Dataset entries
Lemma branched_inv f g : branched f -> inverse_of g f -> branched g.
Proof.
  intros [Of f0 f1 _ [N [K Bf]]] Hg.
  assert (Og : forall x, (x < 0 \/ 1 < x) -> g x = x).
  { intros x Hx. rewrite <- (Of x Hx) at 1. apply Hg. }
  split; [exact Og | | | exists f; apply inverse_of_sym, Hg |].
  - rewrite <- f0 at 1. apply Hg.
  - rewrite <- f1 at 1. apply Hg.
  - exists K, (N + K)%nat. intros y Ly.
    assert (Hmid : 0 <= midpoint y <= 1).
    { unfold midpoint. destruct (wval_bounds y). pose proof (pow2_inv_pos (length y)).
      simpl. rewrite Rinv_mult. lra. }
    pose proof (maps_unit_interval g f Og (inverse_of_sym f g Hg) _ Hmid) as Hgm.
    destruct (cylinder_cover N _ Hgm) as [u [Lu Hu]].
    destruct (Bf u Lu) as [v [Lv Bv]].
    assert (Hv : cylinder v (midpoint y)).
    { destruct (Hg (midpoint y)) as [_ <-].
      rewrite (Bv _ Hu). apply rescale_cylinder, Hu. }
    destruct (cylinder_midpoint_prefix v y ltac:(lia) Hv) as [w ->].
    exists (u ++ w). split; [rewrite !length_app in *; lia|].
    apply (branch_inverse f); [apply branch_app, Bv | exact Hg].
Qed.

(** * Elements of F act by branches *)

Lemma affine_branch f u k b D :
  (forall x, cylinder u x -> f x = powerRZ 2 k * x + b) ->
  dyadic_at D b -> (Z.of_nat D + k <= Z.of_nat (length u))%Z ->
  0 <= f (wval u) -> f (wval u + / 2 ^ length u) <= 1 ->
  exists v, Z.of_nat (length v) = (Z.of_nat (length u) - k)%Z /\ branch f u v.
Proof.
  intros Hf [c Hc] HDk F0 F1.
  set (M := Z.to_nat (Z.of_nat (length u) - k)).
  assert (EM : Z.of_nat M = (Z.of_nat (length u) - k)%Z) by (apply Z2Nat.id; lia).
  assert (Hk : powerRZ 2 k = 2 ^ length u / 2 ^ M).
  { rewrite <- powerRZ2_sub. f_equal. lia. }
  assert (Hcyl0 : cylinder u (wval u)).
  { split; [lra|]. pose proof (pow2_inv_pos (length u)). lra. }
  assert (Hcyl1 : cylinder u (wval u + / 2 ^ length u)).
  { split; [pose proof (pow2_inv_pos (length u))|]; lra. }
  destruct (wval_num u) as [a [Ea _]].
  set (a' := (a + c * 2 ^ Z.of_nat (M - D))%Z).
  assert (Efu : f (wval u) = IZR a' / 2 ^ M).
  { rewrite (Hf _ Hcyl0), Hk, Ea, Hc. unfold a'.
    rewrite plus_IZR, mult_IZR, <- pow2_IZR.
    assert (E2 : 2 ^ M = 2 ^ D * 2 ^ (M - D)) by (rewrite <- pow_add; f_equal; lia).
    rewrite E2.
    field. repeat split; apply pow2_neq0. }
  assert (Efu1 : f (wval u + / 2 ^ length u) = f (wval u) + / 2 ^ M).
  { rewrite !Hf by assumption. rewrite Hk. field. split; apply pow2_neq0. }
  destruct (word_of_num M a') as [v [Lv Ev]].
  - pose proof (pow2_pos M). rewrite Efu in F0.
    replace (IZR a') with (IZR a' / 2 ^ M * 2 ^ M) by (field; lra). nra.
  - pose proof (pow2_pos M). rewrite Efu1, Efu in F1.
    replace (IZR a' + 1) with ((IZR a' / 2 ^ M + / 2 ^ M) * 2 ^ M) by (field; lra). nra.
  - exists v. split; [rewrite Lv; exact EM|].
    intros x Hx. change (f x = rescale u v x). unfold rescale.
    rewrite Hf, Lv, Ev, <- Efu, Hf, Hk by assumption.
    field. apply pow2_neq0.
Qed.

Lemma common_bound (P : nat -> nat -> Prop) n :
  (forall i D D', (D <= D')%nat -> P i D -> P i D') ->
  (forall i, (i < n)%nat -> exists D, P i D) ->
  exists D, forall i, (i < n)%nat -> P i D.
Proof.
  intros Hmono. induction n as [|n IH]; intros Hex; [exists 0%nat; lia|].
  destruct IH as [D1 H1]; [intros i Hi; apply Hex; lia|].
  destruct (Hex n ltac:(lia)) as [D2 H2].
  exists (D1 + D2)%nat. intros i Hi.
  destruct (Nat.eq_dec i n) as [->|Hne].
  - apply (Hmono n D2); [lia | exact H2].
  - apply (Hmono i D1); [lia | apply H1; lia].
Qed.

--

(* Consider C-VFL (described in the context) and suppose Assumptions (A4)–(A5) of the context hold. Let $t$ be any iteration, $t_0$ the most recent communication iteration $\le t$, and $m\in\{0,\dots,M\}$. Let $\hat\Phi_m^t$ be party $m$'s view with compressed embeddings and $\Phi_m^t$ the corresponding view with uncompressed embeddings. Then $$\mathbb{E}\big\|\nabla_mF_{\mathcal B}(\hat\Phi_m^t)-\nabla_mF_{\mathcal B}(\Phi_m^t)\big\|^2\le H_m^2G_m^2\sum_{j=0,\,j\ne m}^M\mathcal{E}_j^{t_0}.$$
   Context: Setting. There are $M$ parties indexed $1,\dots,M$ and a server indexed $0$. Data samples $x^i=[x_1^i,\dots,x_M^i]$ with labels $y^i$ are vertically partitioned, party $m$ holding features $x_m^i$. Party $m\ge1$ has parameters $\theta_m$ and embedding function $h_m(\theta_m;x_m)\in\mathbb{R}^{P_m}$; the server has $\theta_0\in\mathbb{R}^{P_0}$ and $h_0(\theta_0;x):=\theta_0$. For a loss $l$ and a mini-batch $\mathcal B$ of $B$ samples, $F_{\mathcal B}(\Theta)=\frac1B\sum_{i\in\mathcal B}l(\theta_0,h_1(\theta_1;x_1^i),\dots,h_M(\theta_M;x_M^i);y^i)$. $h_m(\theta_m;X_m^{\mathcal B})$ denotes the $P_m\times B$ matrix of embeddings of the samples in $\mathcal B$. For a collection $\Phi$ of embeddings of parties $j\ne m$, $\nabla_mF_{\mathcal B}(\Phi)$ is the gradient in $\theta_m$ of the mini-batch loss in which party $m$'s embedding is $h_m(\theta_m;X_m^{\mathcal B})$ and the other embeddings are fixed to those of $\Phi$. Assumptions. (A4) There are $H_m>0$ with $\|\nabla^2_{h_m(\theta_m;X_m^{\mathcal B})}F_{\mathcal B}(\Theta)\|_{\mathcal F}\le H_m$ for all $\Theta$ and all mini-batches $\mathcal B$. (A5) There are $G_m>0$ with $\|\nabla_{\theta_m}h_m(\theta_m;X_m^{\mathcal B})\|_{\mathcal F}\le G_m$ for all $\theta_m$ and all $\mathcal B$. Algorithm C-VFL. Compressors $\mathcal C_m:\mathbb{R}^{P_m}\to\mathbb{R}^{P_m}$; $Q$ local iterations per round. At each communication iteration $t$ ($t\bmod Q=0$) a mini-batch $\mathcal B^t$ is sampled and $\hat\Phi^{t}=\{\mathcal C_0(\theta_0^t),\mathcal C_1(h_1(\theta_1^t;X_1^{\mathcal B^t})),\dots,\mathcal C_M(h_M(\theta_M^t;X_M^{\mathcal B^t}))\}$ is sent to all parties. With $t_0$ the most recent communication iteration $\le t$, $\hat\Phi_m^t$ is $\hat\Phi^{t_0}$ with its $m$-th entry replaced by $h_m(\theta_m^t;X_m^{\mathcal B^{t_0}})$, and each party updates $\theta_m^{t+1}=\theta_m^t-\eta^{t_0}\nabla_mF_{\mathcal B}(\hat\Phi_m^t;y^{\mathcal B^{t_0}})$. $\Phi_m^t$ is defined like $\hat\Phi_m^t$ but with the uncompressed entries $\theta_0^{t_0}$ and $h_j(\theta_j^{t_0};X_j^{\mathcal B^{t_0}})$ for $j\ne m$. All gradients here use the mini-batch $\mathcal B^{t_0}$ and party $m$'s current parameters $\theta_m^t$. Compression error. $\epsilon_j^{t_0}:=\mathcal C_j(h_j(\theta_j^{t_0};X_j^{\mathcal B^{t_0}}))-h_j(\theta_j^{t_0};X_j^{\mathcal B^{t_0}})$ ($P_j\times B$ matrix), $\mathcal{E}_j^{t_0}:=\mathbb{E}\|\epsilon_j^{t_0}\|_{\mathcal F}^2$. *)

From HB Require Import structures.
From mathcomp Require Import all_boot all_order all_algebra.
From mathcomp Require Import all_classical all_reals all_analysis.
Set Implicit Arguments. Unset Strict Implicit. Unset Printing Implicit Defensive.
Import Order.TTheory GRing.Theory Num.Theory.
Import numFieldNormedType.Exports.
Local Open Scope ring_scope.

Assignment
What is needed is an exact copy of the lines above, from the one containing "Lemma branched_inv f" through the one containing "assert (Hmid : 0 <= midpoint y <= 1).", with nothing added.

Completed task
Lemma branched_inv f g : branched f -> inverse_of g f -> branched g.
Proof.
  intros [Of f0 f1 _ [N [K Bf]]] Hg.
  assert (Og : forall x, (x < 0 \/ 1 < x) -> g x = x).
  { intros x Hx. rewrite <- (Of x Hx) at 1. apply Hg. }
  split; [exact Og | | | exists f; apply inverse_of_sym, Hg |].
  - rewrite <- f0 at 1. apply Hg.
  - rewrite <- f1 at 1. apply Hg.
  - exists K, (N + K)%nat. intros y Ly.
    assert (Hmid : 0 <= midpoint y <= 1).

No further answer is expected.